The PTB will not relinquish control voluntarily. We have to take it ourselves.

Lindarn, RN, BSN, CCRN (ret)

Somewhere in the PACNW

Specializes in Behavioral Health.

Burn out, injury, depression, stress... working in healthcare can be bad for you. I've posted a couple of times now about research showing that a significant number of nurses leave the field within two years, and report being retired at earlier ages than most fields. I don't know what the solution is for everyone else, we all have to find that for ourselves, but mine is away from the bedside.

What other career puts such a burden on it's members? I can't think of any that routinely have members dreading to come to work and needing medications to get through a shift, maybe airtraffic controllers, or combat soldiers. I don't know.

This is not to diminish the strain of nursing in any way, but there are a lot of fields with high rates of depression and suicide, we just don't hear about them because we're not in them. Bus drivers have a particularly hard go of it (see the previous link), and if there's an allbusdrivers.com I bet it's hopping with posts about antidepressants, leg cramps, and abuse by passengers. Which is, again, not to minimize the difficulty of nursing. It's just to say that we may perceive the dangers of nursing as more frequent or more likely because we're more aware of them (an effect called the availability heuristic), when in fact there are a lot of industries where people simply aren't getting the support they need to function optimally.

I commend and agree with your post. Nursing, while noble and a worthwhile career, can also be soul-crushing and demoralizing.

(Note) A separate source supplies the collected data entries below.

(* Let $R$ be a commutative ring in which $2$ is invertible, $I$ an ideal of $R$, and let $(Q,q)$ be a free quadratic space of rank $n=2r$, $r\ge1$, having an ordered basis $e_1,\dots,e_n$ with respect to which the matrix of $\langle\,,\,\rangle$ is $\widetilde{\psi}_r$. Let $M=Q\perp\mathbb{H}(R)$ and identify automorphisms of $M$ with matrices in $\mathrm{GL}_{n+2}(R)$ via the ordered basis $(e_1,\dots,e_n,x,f)$ (with respect to which the form has matrix $\widetilde{\psi}_{r+1}$). Then $\mathrm{EO}_{(R,I)}(Q,\mathbb{H}(R))=\mathrm{EO}_{n+2}(R,I)$.
   Context: A quadratic $R$-module $(Q,q)$ is a finitely generated projective module with quadratic form $q$ and bilinear form $\langle x,y\rangle=q(x+y)-q(x)-q(y)$ (so $\langle x,x\rangle=2q(x)$); a quadratic space if $z\mapsto\langle z,-\rangle$ is an isomorphism $Q\to Q^*$. $\mathbb{H}(R)=R x\oplus Rf$ with $q(ax+bf)=ab$, so $\langle x,f\rangle=1$, $\langle x,x\rangle=\langle f,f\rangle=0$; orthogonal sums carry the sum of forms. $e_{i,j}$ denotes the matrix unit; $\widetilde{\psi}_s=\sum_{i=1}^s(e_{2i-1,2i}+e_{2i,2i-1})$ ($2s\times 2s$). DSER transformations on $Q\perp\mathbb{H}(P)$ ($P$ f.g. projective, $\mathbb{H}(P)=P\oplus P^*$ with $q(y,g)=g(y)$): for $\alpha:Q\to P$ let $\alpha^*:P^*\to Q$ satisfy $\langle\alpha^*(g),z\rangle=g(\alpha(z))$ and $E_\alpha(z,y,g)=(z-\alpha^*(g),y+\alpha(z)-\tfrac12\alpha\alpha^*(g),g)$; for $\beta:Q\to P^*$ let $\beta^*:P\to Q$ satisfy $\langle\beta^*(y),z\rangle=\beta(z)(y)$ and $E^*_\beta(z,y,g)=(z-\beta^*(y),y,g+\beta(z)-\tfrac12\beta\beta^*(y))$. $\mathrm{EO}_R(Q,\mathbb{H}(P))$ is generated by all $E_\alpha,E^*_\beta$; $\mathrm{EO}_I(Q,\mathbb{H}(P))$ is generated by those with $\alpha(Q)\subseteq IP$, $\beta(Q)\subseteq IP^*$; $\mathrm{EO}_{(R,I)}(Q,\mathbb{H}(P))$ is the normal closure of $\mathrm{EO}_I(Q,\mathbb{H}(P))$ in $\mathrm{EO}_R(Q,\mathbb{H}(P))$. Even elementary orthogonal group: for $N=2s$, let $\sigma$ be the permutation of $\{1,\dots,N\}$ with $\sigma(2i)=2i-1$, $\sigma(2i-1)=2i$; for $i\neq j$, $i\ne\sigma(j)$ and $z\in R$, $oe_{i,j}(z)=I_N+ze_{i,j}-ze_{\sigma(j),\sigma(i)}$ (orthogonal for $\widetilde{\psi}_s$). $\mathrm{EO}_N(R)$ is generated by all $oe_{i,j}(z)$, $z\in R$; $\mathrm{EO}_N(I)$ by those with $z\in I$; $\mathrm{EO}_N(R,I)$ is the normal closure of $\mathrm{EO}_N(I)$ in $\mathrm{EO}_N(R)$. *)

From HB Require Import structures.
From mathcomp Require Import all_boot all_order all_algebra.
Set Implicit Arguments. Unset Strict Implicit. Unset Printing Implicit Defensive.
Import Order.TTheory GRing.Theory.
Local Open Scope ring_scope.

(* Conventions: indices are 0-based.  The hyperbolic pairs are (0,1),(2,3),...
   so the permutation sigma of the paper (2i <-> 2i-1, 1-based) becomes
   k <-> sigma k below. *)
Definition sigma (k : nat) : nat := if odd k then k.-1 else k.+1.

Definition psi_mx (R : nzRingType) (m : nat) : 'M[R]_m :=
  \matrix_(i < m, j < m) ((j : nat) == sigma i)%:R.

Definition is_ideal (R : comNzRingType) (I : {pred R}) : Prop :=
  [/\ 0 \in I, (forall x y, x \in I -> y \in I -> x + y \in I)
    & (forall a x, x \in I -> a * x \in I)].

Inductive gen_grp (T : unitRingType) (S : T -> Prop) : T -> Prop :=
| gen_one : gen_grp S 1
| gen_in x : S x -> gen_grp S x
| gen_inv x : gen_grp S x -> gen_grp S x^-1
| gen_mul x y : gen_grp S x -> gen_grp S y -> gen_grp S (x * y).

Definition normal_closure (T : unitRingType) (G H : T -> Prop) : T -> Prop :=
  gen_grp (fun x => exists g h, [/\ G g, H h & x = g * h * g^-1]).

Section Setting.
Variables (R : comUnitRingType) (n : nat).
(* Q = R^n (column coordinates w.r.t. e_1..e_n), bilinear form matrix psi_mx n;
   M = Q _|_ H(R) has coordinates (z, y, g) w.r.t. (e_1..e_n, x, f),
   i.e. vectors in 'cV_(n.+2): entries 0..n-1 = z, entry n = y, entry n+1 = g. *)

Definition getc m (v : 'cV[R]_m) (k : nat) : R :=
  if (insub k : option 'I_m) is Some i then v i 0 else 0.

Definition zpart (v : 'cV[R]_(n.+2)) : 'cV[R]_n := \col_(i < n) getc v i.
Definition ypart (v : 'cV[R]_(n.+2)) : R := getc v n.
Definition gpart (v : 'cV[R]_(n.+2)) : R := getc v n.+1.
Definition mkvec (z : 'cV[R]_n) (y g : R) : 'cV[R]_(n.+2) :=
  \col_(i < n.+2) (if ((i : nat) < n)%N then getc z i else if (i : nat) == n then y else g).

Definition half : R := (2%:R)^-1.

(* alpha : Q -> P = R given by a row vector a; its adjoint alpha^* : P^* = R -> Q
   (characterized by <alpha^*(g), z> = g alpha(z)) is g |-> g * psi a^T. *)
Definition lin (a : 'rV[R]_n) (z : 'cV[R]_n) : R := (a *m z) 0 0.
Definition adj (a : 'rV[R]_n) (g : R) : 'cV[R]_n := g *: (psi_mx R n *m a^T).

Definition E_alpha (a : 'rV[R]_n) (v : 'cV[R]_(n.+2)) : 'cV[R]_(n.+2) :=
  let z := zpart v in let y := ypart v in let g := gpart v in
  mkvec (z - adj a g) (y + lin a z - half * lin a (adj a g)) g.

Definition E_beta (b : 'rV[R]_n) (v : 'cV[R]_(n.+2)) : 'cV[R]_(n.+2) :=
  let z := zpart v in let y := ypart v in let g := gpart v in
  mkvec (z - adj b y) y (g + lin b z - half * lin b (adj b y)).

Definition fun_mx (F : 'cV[R]_(n.+2) -> 'cV[R]_(n.+2)) : 'M[R]_(n.+2) :=
  \matrix_(i, j) F (delta_mx j 0) i 0.
(* Let $\mathtt{type}\in\{\mathrm{lin},\log\}$. There exist an input dimension $d$, a set $\mathcal{X}$ of input sequences, and a target $\mathbf{H}$ of the form $\mathbf{H}_t(\boldsymbol{X})=f(\boldsymbol{x}_t,\boldsymbol{x}_{t-g(\boldsymbol{x}_t)})$ belonging to the class $\mathcal{H}^{\mathrm{Adap}}_{(1,1)}$, such that: (A) for every $\epsilon>0$ there exist $H\in\mathbb{N}_+$ and a one-layer, $H$-head normalization-free attention model $\mathbf{Attn}^{\mathrm{DP}}$ with $\mathtt{type}$-RPE with $|||\mathbf{H}-\mathbf{Attn}^{\mathrm{DP}}|||\le\epsilon$; (B) for every $H\in\mathbb{N}_+$ and every one-layer, $H$-head dot-product-free attention model $\mathbf{Attn}^{\mathrm{DPF}}$ with $\mathtt{type}$-RPE, $|||\mathbf{H}-\mathbf{Attn}^{\mathrm{DPF}}|||\ge\frac23$.
   Context: Input sequences $\boldsymbol{X}=(\boldsymbol{x}_t)_{t\in\mathbb{Z}}$, $\boldsymbol{x}_t\in\mathbb{R}^d$, range over a set $\mathcal{X}$ whose elements satisfy $\|\boldsymbol{x}_t\|_2\le1$. $|||\mathbf{G}|||=\sup_{t\in\mathbb{Z}}\sup_{\boldsymbol{X}\in\mathcal{X}}|\mathbf{G}_t(\boldsymbol{X})|$ for $\mathbf{G}_t:\mathcal{X}\to\mathbb{R}$. $\sigma(z)=\max\{z,0\}$. Barron space $\mathcal{B}$: continuous $f:\mathbb{R}^k\to\mathbb{R}$ with $f(\boldsymbol{x})=\int a\sigma(\boldsymbol{b}^\top\boldsymbol{x}+c)\rho(da,d\boldsymbol{b},dc)$ for a probability measure $\rho$ and $\|f\|_{\mathcal{B}}=\inf_\rho\mathbb{E}_\rho[|a|(\|\boldsymbol{b}\|_1+|c|)]<\infty$; $\mathrm{Lip}$ = Lipschitz functions. The class $\mathcal{H}^{\mathrm{Adap}}_{(1,1)}$: targets $\mathbf{H}_t(\boldsymbol{X})=f(\boldsymbol{x}_t,\boldsymbol{x}_{t-g(\boldsymbol{x}_t)})$ where $f\in\mathcal{B}\cap\mathrm{Lip}$, $g\in\mathcal{B}$, and there is an integer $T$ with $g(\boldsymbol{x})\in\{1,\dots,T\}$ for every token $\boldsymbol{x}$ of every $\boldsymbol{X}\in\mathcal{X}$. RPE: $\phi_{\log}(z)=-\log z$ ($z\ge1$), $-\infty$ otherwise; $\phi_{\mathrm{lin}}(z)=-z$ ($z\ge0$), $-\infty$ otherwise; $e^{-\infty}=0$. A one-layer, $H$-head normalization-free attention model with $\mathtt{type}$-RPE (embedding dimension $D$): $\boldsymbol{x}^{(0)}_t=\boldsymbol{W}_E\boldsymbol{x}_t+\boldsymbol{b}_E\in\mathbb{R}^D$ and $$\mathbf{Attn}_t(\boldsymbol{X})=\boldsymbol{W}_O\sum_{h=1}^H\boldsymbol{W}_V^{(h)}\sum_{s=0}^\infty\boldsymbol{x}^{(0)}_{t-s}\exp\big(\langle\boldsymbol{W}_Q^{(h)}\boldsymbol{x}^{(0)}_t,\boldsymbol{W}_K^{(h)}\boldsymbol{x}^{(0)}_{t-s}\rangle+p^{(h)}\phi_{\mathtt{type}}(s)\big)\in\mathbb{R},$$ with $\boldsymbol{W}_O\in\mathbb{R}^{1\times D}$, $\boldsymbol{W}_V^{(h)}\in\mathbb{R}^{D\times D}$, $\boldsymbol{W}_Q^{(h)},\boldsymbol{W}_K^{(h)}$ matrices with $D$ columns and equal numbers of rows, $p^{(h)}>0$. A dot-product-free attention model is one of this form with $\boldsymbol{W}_Q^{(h)}=\boldsymbol{W}_K^{(h)}=\mathbf{0}$ for all $h$. *)

From HB Require Import structures.
From mathcomp Require Import all_boot all_order all_algebra.
From mathcomp Require Import all_classical all_reals all_analysis.
Unset Printing Implicit Defensive.
Import Order.TTheory GRing.Theory Num.Theory.
Import numFieldNormedType.Exports.
Local Open Scope classical_set_scope.
Local Open Scope ring_scope.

I have likened my career/nursing to an emotionally abusive relationship; things get better temporarily after much crying, protesting, and threats to quit .. and then returns to exactly it's previous state. I have tried to constructively make my unit progressive; I have come up with suggestions, actionable plans, and even been the volunteer as an agent for change, and yet I am consistently met with "JCHACO .." or "surveys indicate," as responses. It is purely exhausting.

That is a brilliant analogy and truly how it feels at times

Specializes in Family Medicine.

Yup, it pretty much sucks.

I wanted to break a wine bottle (by shattering on my concrete patio) after a shift last week. It was a low point, to say the least.

I did not proceed with the deed. I slammed a cabinet instead and felt better. I would never hurt a living being (I dropped a spider off at the forest preserve once), I feel better after I throw things though.

This is why I'm in grad school. Can't do this much longer.

After reading all these posts, the only conclusion I have is that I must work at an amazing hospital. I don't really get stressed, I give patients meds, I help them with ADLS, I chart my assessment etc. I don't really feel this soul-crushing environment.